To date, population-based studies have been cross-sectional. These studies report the weights of different infants according to the GA at which they were born. Longitudinal data, in distinction, would describe the weight of individual infants (fetuses, actually) as they increase in GA. Strictly speaking, growth may only be assessed from longitudinal data.7 Because factors associated with preterm birth may also be confounders for BW of preterm infants, cross-sectional population-based references may distort some associations.

Another classification strategy uses “customized” cut-points to test associations with specific outcomes.8,9 This approach invites reflection on what measurement variable might be most informative of fetal growth. For example, “ponderal index” may be better than BW because it is a function of both weight and length.11 Might some significant differences Madan et al.4 reported in BW among racial groups disappear after accounting for the shorter length that accompanied lower BW? The point is that our conceptual imprecision does not allow equating BW classification with fetal growth diagnosis. To progress from classification to diagnosis we need to understand better the causal linkages between a chosen measurement variable and associated outcomes — prerequisite for establishing a “gold standard” to evaluate the discriminative power of a diagnostic test.

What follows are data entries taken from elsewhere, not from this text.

(* [(n+1) [P^(k+1)]_(n+1) = (k+1) \sum_t P'_t [P^k]_(n-t)] is the recursion
   of [psi_majorant] after normalisation by [M^n n!]. *)
Lemma psi_majorant_le_coef N k n : (n <= N)%N ->
  M ^+ k * k`!%:R * psi_majorant k n <= M ^+ n * n`!%:R * (maj_poly N ^+ k)`_n.
Proof.
elim: k n => [|k IH] [|n] le_nN /=.
- by rewrite expr0 coef1.
- by rewrite expr0 coef1 /= !mulr0.
- by rewrite mulr0; exact: mulr_ge0 (fact_weight_ge0 0) (coef_maj_polyX_ge0 _ _ _).
have deriv_coef := congr1 (fun q : {poly R} => q`_n) (deriv_exp (maj_poly N) k.+1).
rewrite /= coef_deriv coefMn coefM -sumrMnl in deriv_coef.
have -> : M ^+ n.+1 * n.+1`!%:R * (maj_poly N ^+ k.+1)`_n.+1 =
    \sum_(t < n.+1) k.+1%:R * M * (M ^+ n * n`!%:R * (maj_poly N)^`()`_t) *
                    (maj_poly N ^+ k)`_(n - t).
  transitivity (M ^+ n * n`!%:R * M * ((maj_poly N ^+ k.+1)`_n.+1 *+ n.+1)).
    by rewrite factS exprS natrM -mulr_natr; ring.
  by rewrite deriv_coef mulr_sumr; apply: eq_bigr => t _; rewrite -mulr_natr; ring.
rewrite mulr_sumr; apply: ler_sum => t _.
have le_tn : (t <= n)%N by rewrite -ltnS.
rewrite coef_deriv_maj_poly ?(leq_trans le_tn) 1?ltnW // -(bin_fact_weight le_tn).
set w := 'C(n, t)%:R * _.
have w_ge0 : 0 <= w by exact: mulr_ge0 (ler0n _ _) (letter_weight_ge0 t).
have -> : M ^+ k.+1 * k.+1`!%:R * (w * psi_majorant k (n - t)) =
          k.+1%:R * M * w * (M ^+ k * k`!%:R * psi_majorant k (n - t)).
  by rewrite factS exprS natrM; ring.
rewrite [X in _ <= X](_ : _ = k.+1%:R * M * w *
  (M ^+ (n - t) * (n - t)`!%:R * (maj_poly N ^+ k)`_(n - t))); last by ring.
apply: ler_wpM2l; first exact: mulr_ge0 (mulr_ge0 (ler0n _ _) (ltW M_gt0)) w_ge0.
exact: IH (leq_trans (leq_subr _ _) (ltnW le_nN)).
Qed.

Variable p : R.
Hypotheses (p_ge0 : 0 <= p) (p_root : p ^+ 2 = a * (1 + p)).

Lemma maj_poly_weighted_le N n :
  \sum_(i < n.+2) (maj_poly N)`_i * (1 + p) ^+ (n.+1 - i) <= (1 + p) ^+ n.+1.
Proof.
have q_ge0 : 0 <= 1 + p by rewrite addr_ge0.
set S := \sum_(i < n) (1 + p) ^+ (n.-1 - i).
have pS : p * S = (1 + p) ^+ n - 1.
  have := subrXX (1 + p) 1 n; rewrite expr1n addrAC subrr add0r => ->.
  by congr (_ * _); apply: eq_bigr => i _; rewrite expr1n mulr1.
have coef1 : (maj_poly N)`_1 <= 1 + a by rewrite coef_poly /= divr1.
have coefSS i : (maj_poly N)`_i.+2 <= a.
  rewrite coef_poly; case: ifP => _; last by rewrite mulr_ge0.
  by rewrite add0r ler_pdivrMr ?ltr0n // ler_peMr ?mulr_ge0 // ler1n.
rewrite 2!big_ord_recl coef0_maj_poly mul0r add0r exprS subn1.
apply: le_trans (le_geometric_step (mulr_ge0 (ler0n _ _) D_ge0) p_ge0 p_root pS).
apply: lerD; first by apply: ler_wpM2r; rewrite ?exprn_ge0.
rewrite mulr_sumr; apply: ler_sum => i _.
rewrite /= /bump /= !add1n subSS subnS -predn_sub.
by apply: ler_wpM2r; rewrite ?exprn_ge0.
Qed.

Lemma sum_coef_maj_polyX_le N n : (n <= N)%N ->
  \sum_(k < N.+1) (maj_poly N ^+ k)`_n <= (1 + p) ^+ n.
Proof.
elim/ltn_ind: n => n IH le_nN.
rewrite big_ord_recl expr0 coef1.
have tail : \sum_(k < N) (maj_poly N ^+ bump 0 k)`_n <=
    \sum_(i < n.+1) (maj_poly N)`_i * \sum_(k < N.+1) (maj_poly N ^+ k)`_(n - i).
  under eq_bigr => k _ do rewrite exprS coefM.
  rewrite exchange_big; apply: ler_sum => i _ /=.
  rewrite -mulr_sumr; apply: ler_wpM2l; first exact: coef_maj_poly_ge0.
  by rewrite big_ord_recr /= lerDl coef_maj_polyX_ge0.
apply: le_trans (lerD (lexx _) tail) _.
case: n IH le_nN {tail} => [|n] IH le_nN.
  by rewrite big_ord1 coef0_maj_poly mul0r addr0 expr0.
rewrite add0r; apply: le_trans (maj_poly_weighted_le N n).
apply: ler_sum => -[[|i] lt_in] _ /=; first by rewrite coef0_maj_poly !mul0r.
apply: ler_wpM2l; first exact: coef_maj_poly_ge0.
apply: IH; rewrite subSS ?ltnS ?leq_subr //.
exact: leq_trans (leq_subr _ _) (ltnW le_nN).
Qed.

Lemma sum_psi_majorant_le n :
  \sum_(k < n.+1) M ^+ k * k`!%:R * psi_majorant k n <= M ^+ n * n`!%:R * (1 + p) ^+ n.
Proof.
apply: (@le_trans _ _ (\sum_(k < n.+1) M ^+ n * n`!%:R * (maj_poly n ^+ k)`_n)).
  by apply: ler_sum => k _; exact: psi_majorant_le_coef.
rewrite -mulr_sumr; apply: ler_wpM2l; first exact: fact_weight_ge0.
exact: sum_coef_maj_polyX_le.
Qed.

End Majorants.

Lemma phi_ge0 (R : realType) (x : R) : 0 <= x -> 0 <= phi x.
Proof. by move=> x_ge0; rewrite /phi addr_ge0 ?sqrtr_ge0 ?divr_ge0. Qed.

Lemma phi_root (R : realType) (x : R) : 0 <= x -> phi x ^+ 2 = x * (1 + phi x).
Proof.
move=> x_ge0; rewrite /phi.
have sqr_sqrt : Num.sqrt (x ^+ 2 / 4 + x) ^+ 2 = x ^+ 2 / 4 + x.
  by rewrite sqr_sqrtr // addr_ge0 // divr_ge0 // sqr_ge0.
set s := Num.sqrt _ in sqr_sqrt *.
apply/eqP; rewrite -subr_eq0.
have -> : (x / 2 + s) ^+ 2 - x * (1 + (x / 2 + s)) = s ^+ 2 - (x ^+ 2 / 4 + x) by field.
by rewrite sqr_sqrt subrr.
Qed.

Lemma Keps_ge1 (R : realType) m (eps a : R) : (1 <= Keps m eps a)%E.
Proof.
apply: ereal_sup_ubound; exists [::] => //=.
by rewrite !expr0 divr1 mulr1.
Qed.

Section AbsoluteValue.
Variables (R : realType) (K : comNzRingType) (absK : K -> R).
Hypothesis absK_ge0 : forall x, 0 <= absK x.
Hypothesis absK0 : absK 0 = 0.
Hypothesis absK1 : absK 1 <= 1.
Hypothesis absKD : forall x y, absK (x + y) <= absK x + absK y.
Hypothesis absKM : forall x y, absK (x * y) <= absK x * absK y.

Lemma absK_sum I (r : seq I) (P : pred I) (F : I -> K) :
  absK (\sum_(i <- r | P i) F i) <= \sum_(i <- r | P i) absK (F i).
Proof.
elim/big_rec2: _ => [|i y1 y2 _ le_y]; first by rewrite absK0.
by apply: le_trans (absKD _ _) _; rewrite lerD2l.
Qed.

Lemma absKMn x n : absK (x *+ n) <= absK x *+ n.
Proof.
elim: n => [|n IH]; first by rewrite !mulr0n absK0.
by rewrite !mulrS (le_trans (absKD _ _)) // lerD2l.
Qed.

Lemma absK_bool (b : bool) : absK b%:R <= 1.
Proof. by case: b; rewrite ?absK0. Qed.

Variable m : nat.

Classifying BW according to a particular cut-point, customized or not, converts continuous data to categorical data, with associated information loss. Madan et al. converted the data set used for Table 1 to produce a problematic Table 2.4 Essentially, Table 2 interrogates the same sampling distribution problem of Table 1. More importantly, based on the analysis of Table 1, the statistical hypothesis testing of Table 2 seems altogether not warranted. To compute a p value for a particular difference among groups is to estimate the probability of obtaining a value as extreme or more extreme than that observed, assuming the null hypothesis — no real difference (Pagano and Gauvreau,12 p. 212). But the analysis of Table 1 rejected the null hypothesis and concluded that the groups were different.

Categorization, appropriate or sometimes not, is widespread in healthcare. If the blood glucose concentration in a patient exceeds a particular value, the patient has diabetes mellitus. Above a particular serum cholesterol concentration a patient has hypercholesterolemia. If BW falls below a particular cut-point, an infant is SGA. The notion in each example is: either you've got “it” or you don't. The categorical model may deceive us into thinking we understand a condition more clearly than we actually do. Not all conditions are best represented as categorical variables. Although a woman is either pregnant or she is not, many conditions may not be categorical variables so much as continuous variables (think: gradient of dose–response). Some of the confusion and conflict among reports on BW classification may stem from thinking categorically.

As first observed by Geoffrey Rose and more recently articulated by Marmot, instead of a model in which “either you've got it or you don't,” maybe we should think about “how much of it you've got”.13 For evaluating fetal growth, this amounts to patient-specific risk profiling. Population-based profiling for an array of outcome risks, adjusted for confounders and effect modifiers, could discriminate the infant with FGR in need of medical intervention from the constitutionally small infant of identical BW in need only of parental love.